22 Интеграция в более широкую элиту помогает объяснить отсутствие или, по крайней мере, приглушенное присутствие диссидента или отчужденного интеллигенции в стране, где даже мятежники и критики часто выходили из истеблишмента. Академическая интеллигенция стала профессионализированной, была привлечена из такие же семьи, как и остальные представители служебного класса, и впитали те же благородные ценности. Писатели и художники тоже все больше привлекались из этой ограниченной социальной среды, явление, которое, возможно, достигло своего пика в межвоенные годы (du Sorbier 1991). Но интегрированный характер британского высшего образования препятствовал развитию теплица вроде École normale; преподавание не пользовалось таким авторитетом, как во Франции, и, как правило, было переходной профессией, трамплином для первого поколения, с которого семьи могут стать членами настоящей элиты.
23Ближайшая британская параллель с исследованием Чарла - это выборка из 3277 членов элиты между 1880 и 1970 годами, составленная Гарольд Перкин и В. Д. Рубинштейн (Перкин 1978-1979; Рубинштейн 1986). Их внимание было сосредоточено, в частности, на отношениях между миром бизнеса, с одной стороны, и земля, государственная служба и профессии - с другой. В комплексной теории социального развития Великобритании Перкин уделяет особое внимание образованию. Он утверждает, что аристократия, всегда проницаемая снизу, проиграла битву за господство в девятнадцатом веке, но в конечном итоге «профессиональный» буржуазный идеал, основанный на на «подготовленном опыте и отборе по заслугам» и, следовательно, на образовательной квалификации, одержали победу над предпринимательскими идеалами, которые изначально казались главной проблемой аристократии (Perkin 1989). Рубинштейн, связывая анализ элит со своими исследованиями распределения богатства, утверждал, что рост промышленности на севере Англии не удалось поколебать долгосрочное господство земли, финансов и юго-востока (Rubinstein 1986, 1993). Точно так же Каин и Хопкинс (1993) интерпретировали развитие Британской империи через «джентльменский капитализм» как средство, с помощью которого земельно-финансовая олигархия сохранила свое господство в государстве и низложила промышленную средний класс в стороне.
ЗАКАТ ПРОМЫШЛЕННОГО ДУХА?
24 Во Франции промышленная и технологическая элита имела тенденцию соответствовать общему буржуазному образцу, используя grandes écoles , таких как Polytechnique и École centrale (основанная в 1830 г.), а также целого ряда инженерных и бизнес-школ, основанных в более поздние годы, в то время как Британский деловой мир остался верен ученичеству и обучению на рабочем месте. Насколько любая из этих моделей могла подорвать дух предпринимательства, остается открытый вопрос.
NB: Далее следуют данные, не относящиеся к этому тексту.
(* Let $O$ be a set of Boolean functions. If $O\preceq\{\land,\top,\bot\}$ or $O\preceq\{\lor,\top,\bot\}$ or $O\preceq\{\neg,\bot\}$, then every $\mathrm{PL}_O$-formula $\phi$ is uniquely characterized with respect to $\mathrm{PL}_O$ by a set of at most $|\phi|_{\mathrm{dag}}+1$ labeled examples. Otherwise, there is no polynomial $p$ such that every $\mathrm{PL}_O$-formula $\phi$ is uniquely characterized with respect to $\mathrm{PL}_O$ by a set of at most $p(|\phi|_{\mathrm{dag}})$ labeled examples.
   Context: A Boolean function is a map $\{0,1\}^n\to\{0,1\}$ with $n\ge 1$; the constants $\top,\bot$ are treated as constant unary Boolean functions; $\land,\lor,\neg$ are the usual Boolean functions. For a set $O$ of Boolean functions, $\langle O\rangle$ is the smallest set of Boolean functions containing $O$ and all projections and closed under composition; $O\preceq O'$ means $\langle O\rangle\subseteq\langle O'\rangle$. Fix a countably infinite set of propositional variables. $\mathrm{PL}_O$ is the set of formulas generated by $\phi::=x\mid f(\phi_1,\dots,\phi_n)$ with $x$ a variable and $f\in O$ of arity $n$, with the obvious semantics under truth assignments $V$; two formulas are equivalent if they agree under every truth assignment. $|\phi|_{\mathrm{dag}}$ is the number of distinct subformulas of $\phi$. A labeled example is a pair $(V,\mathrm{lab})$ with $V$ a truth assignment and $\mathrm{lab}\in\{0,1\}$; $\phi$ fits it if $\phi$ evaluates to $\mathrm{lab}$ under $V$. A set $E$ of labeled examples uniquely characterizes $\phi$ with respect to $\mathrm{PL}_O$ if $\phi$ fits all of $E$ and every $\mathrm{PL}_O$-formula fitting all of $E$ is equivalent to $\phi$. *)

From mathcomp Require Import all_boot all_order all_algebra.
From Stdlib Require List.
Set Implicit Arguments. Unset Strict Implicit. Unset Printing Implicit Defensive.

(* A Boolean function of arity n.+1 (arity >= 1): {0,1}^(n+1) -> {0,1}. *)
Definition bfun (n : nat) := {ffun n.+1.-tuple bool -> bool}.
Definition BF := {n : nat & bfun n}.
Definition mkBF (n : nat) (f : bfun n) : BF := existT bfun n f.
Definition arity (f : BF) : nat := (projT1 f).+1.

(* Concrete connectives; constants are unary constant functions. *)
Definition and_bf : BF := mkBF (n := 1) [ffun x : 2.-tuple bool => tnth x ord0 && tnth x ord_max].
Definition or_bf  : BF := mkBF (n := 1) [ffun x : 2.-tuple bool => tnth x ord0 || tnth x ord_max].
Definition neg_bf : BF := mkBF (n := 0) [ffun x : 1.-tuple bool => ~~ tnth x ord0].
Definition top_bf : BF := mkBF (n := 0) [ffun _ : 1.-tuple bool => true].
Definition bot_bf : BF := mkBF (n := 0) [ffun _ : 1.-tuple bool => false].

Definition bfset := BF -> Prop.

Definition proj_bf (n : nat) (i : 'I_n.+1) : BF := mkBF [ffun x : n.+1.-tuple bool => tnth x i].

Definition comp_bf (n m : nat) (f : bfun n) (gs : 'I_n.+1 -> bfun m) : BF :=
  mkBF [ffun x : m.+1.-tuple bool => f [tuple gs i x | i < n.+1]].

Inductive clone (O : bfset) : BF -> Prop :=
| cl_base f : O f -> clone O f
| cl_proj n (i : 'I_n.+1) : clone O (proj_bf i)
| cl_comp n m (f : bfun n) (gs : 'I_n.+1 -> bfun m) :
    clone O (mkBF f) -> (forall i, clone O (mkBF (gs i))) -> clone O (comp_bf f gs).

Definition preceq (O O' : bfset) : Prop := forall f, clone O f -> clone O' f.

Definition set_and_top_bot : bfset := fun f => f = and_bf \/ f = top_bf \/ f = bot_bf.
Definition set_or_top_bot  : bfset := fun f => f = or_bf \/ f = top_bf \/ f = bot_bf.
Definition set_neg_bot     : bfset := fun f => f = neg_bf \/ f = bot_bf.

Inductive formula : Type :=
| Var : nat -> formula
| App : BF -> list formula -> formula.

Inductive inPL (O : bfset) : formula -> Prop :=
| inPL_var x : inPL O (Var x)
| inPL_app f args : O f -> size args = arity f ->
    (forall a, List.In a args -> inPL O a) -> inPL O (App f args).

Definition assignment := nat -> bool.

Definition bf_apply (f : BF) (vals : seq bool) : bool :=
  projT2 f [tuple nth false vals i | i < (projT1 f).+1].

Fixpoint eval (V : assignment) (phi : formula) : bool :=
  match phi with
  | Var x => V x
  | App f args => bf_apply f (map (eval V) args)
  end.

Definition equivalent (phi psi : formula) : Prop := forall V, eval V phi = eval V psi.

Inductive subform : formula -> formula -> Prop :=
| sub_refl phi : subform phi phi
| sub_app psi a f args : List.In a args -> subform psi a -> subform psi (App f args).

Definition dag_size (phi : formula) (k : nat) : Prop :=
  exists l : list formula, List.NoDup l /\ (forall psi, List.In psi l <-> subform psi phi)
                        /\ length l = k.

Definition example := (assignment * bool)%type.
Definition fits (phi : formula) (e : example) : Prop := eval e.1 phi = e.2.

Definition uniquely_characterizes (O : bfset) (E : seq example) (phi : formula) : Prop :=
  (forall e, List.In e E -> fits phi e) /\
  (forall psi, inPL O psi -> (forall e, List.In e E -> fits psi e) -> equivalent psi phi).

From Pilot Require Import Defs.
From mathcomp Require Import all_boot all_order all_algebra.
From Stdlib Require Import Classical.
From mathcomp Require Import zify.
Set Implicit Arguments. Unset Strict Implicit. Unset Printing Implicit Defensive.

(* If O is below {/\, T, F}, every PL_O formula denotes a /\-homomorphism: a
   constant, or the conjunction of its essential variables S.  Among
   /\-homomorphisms it is pinned down by the assignment that is true exactly on S
   and, for each x in S, the assignment that is false only at x: at most
   |vars| + 1 <= |phi|_dag + 1 examples.  The \/ case is the same argument for
   the other lattice operation, and formulas over {~, F} depend on at most one
   variable, so two examples suffice.
   Otherwise <O> leaves each of the three clones.  Identifying variables gives
   ternary witnesses, and a certificate checked by computation shows that they
   always compose to majority, x xor y xor z, x /\ (y \/ z) or x \/ (y /\ z).
   With the first, third or fourth, using x0 and x1 as switches, one builds
   phi_n = \/_(i <= n) (x_i /\ y_i) of linear size and 2^(n+1) variants
   phi_n \/ /\_i z_i with z_i in {x_i, y_i}, each separated from phi_n by some
   assignment but no two by the same one; with parity, x0 xor y xor z fits every
   example set on which y and z agree.  Either way characterizing sets must be
   exponentially large. *)

(** * Formulas, substitution and DAG size *)

Lemma InP (T : eqType) (x : T) (s : seq T) : reflect (List.In x s) (x \in s).
Proof.
elim: s => [|y s IH] /=; first by right.
rewrite inE; apply: (iffP orP) => [[/eqP ->|/IH]|[->|/IH]]; by [left|right|left|right].
Qed.

Lemma In_map_inv (T U : Type) (f : T -> U) (s : seq T) y :
  List.In y (map f s) -> exists2 x, List.In x s & y = f x.
Proof.
elim: s => //= x s IH [<-|/IH [z Hz ->]]; first by exists x; [left|].
by exists z; [right|].
Qed.

Lemma formula_ind_In (P : formula -> Prop) :
  (forall x, P (Var x)) ->
  (forall f args, (forall a, List.In a args -> P a) -> P (App f args)) ->
  forall phi, P phi.
Proof.
move=> HV HA; refine (fix IH phi := match phi with
  | Var x => HV x
  | App f args => HA f args ((fix IHl (l : seq formula) : forall a, List.In a l -> P a :=
       match l with
       | [::] => fun a H => match H with end
       | b :: l' => fun a H => match H with
                               | or_introl E => match E with erefl => IH b end
                               | or_intror H' => IHl l' a H'
                               end
       end) args)
  end).
Qed.

Lemma nth_In (T : Type) (d : T) (s : seq T) i : i < size s -> List.In (nth d s i) s.
Proof. by elim: s i => [|x s IH] [|i] //= Hi; [left|right; apply: IH]. Qed.
(* Let $\kappa$ be an uncountable cardinal and let $X$, $Y$ be non-trivial Banach spaces. If $X$ is $\mathrm{ASQ}_{<\kappa}$ (respectively, $\mathrm{SQ}_{<\kappa}$), then the injective tensor product $X\widehat{\otimes}_\varepsilon Y$ is $\mathrm{ASQ}_{<\kappa}$ (respectively, $\mathrm{SQ}_{<\kappa}$).
   Context: $X\widehat{\otimes}_\varepsilon Y$ is the closure, in the operator norm, of the finite-rank operators from $Y^*$ to $X$. A Banach space $Z$ is $\mathrm{ASQ}_{<\kappa}$ if for every set $A\subset S_Z$ with $|A|<\kappa$ and every $\varepsilon>0$ there exists $y\in S_Z$ with $\|x\pm y\|\le 1+\varepsilon$ for all $x\in A$; $Z$ is $\mathrm{SQ}_{<\kappa}$ if for every such $A$ there exists $y\in S_Z$ with $\|x\pm y\|\le 1$ for all $x\in A$. *)

From HB Require Import structures.
From mathcomp Require Import all_boot all_order all_algebra.
From mathcomp Require Import all_classical all_reals all_analysis.
Set Implicit Arguments. Unset Strict Implicit. Unset Printing Implicit Defensive.
Import Order.TTheory GRing.Theory Num.Theory.
Import numFieldNormedType.Exports.
Local Open Scope classical_set_scope.
Local Open Scope ring_scope.

(* |A| < kappa, where the cardinal kappa is represented by a type K *)
Definition card_lt_type {T : Type} (A : set T) (K : Type) :=
  (A #<= [set: K])%card /\ ~ ([set: K] #<= A)%card.

Section Defs.
Variable R : realType.

Definition dual (Y : normedModType R) : set (Y -> R) :=
  [set phi | (forall (a : R) (u v : Y), phi (a *: u + v) = a * phi u + phi v)
          /\ exists M : R, forall y : Y, `|phi y| <= M * `|y| ].

Definition dnorm (Y : normedModType R) (phi : Y -> R) : R :=
  sup [set `|phi y| | y in [set y : Y | `|y| <= 1]].

Definition opnorm (X Y : normedModType R) (T : (Y -> R) -> X) : R :=
  sup [set `|T phi| | phi in [set phi | dual phi /\ dnorm phi <= 1]].

Definition bdd_op (X Y : normedModType R) : set ((Y -> R) -> X) :=
  [set T | (forall phi, ~ dual phi -> T phi = 0)
        /\ (forall (a : R) phi psi, dual phi -> dual psi ->
              T (fun y => a * phi y + psi y) = a *: T phi + T psi)
        /\ exists M : R, forall phi, dual phi -> `|T phi| <= M * dnorm phi].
Аргумент об упадке английского индустриального духа во многом опирается на предполагаемую стойкость аристократических ценностей в образовании и «Утечка талантов» из промышленности в сторону профессий и общественных услуг. Одним из главных аргументов против этого тезиса всегда было существование подобных системы ценностей в странах с более успешной экономикой, особенно в Германии. Не вдаваясь в подробности этого теперь довольно утомленного спора, стоит отметить, что Современные французские обозреватели школы Тэн перевернули сравнение с ног на голову, утверждая, что Британия получила свой и экономический политический динамизм благодаря настойчивости аристократические черты в своем образовании, в то время как Франция сдерживалась эгалитарными бюрократическими ценностями, присущими наполеоновской традиции. Макс Леклерк видел британские коммерческий и имперский успех, основанный на союзе аристократического и практического духа, каждый по-своему выражает достоинства индивидуализма.
<цитата>«La société anglaise comprend, au premier rang, deux élites: celle des самодельные мужчины et celle des университетские мужчины ; l’une s’est faite seule à la dure école de la vie, l’autre est le produit d’institutions très anciennes et très puissantes ». (Leclerc 1894 a : 23)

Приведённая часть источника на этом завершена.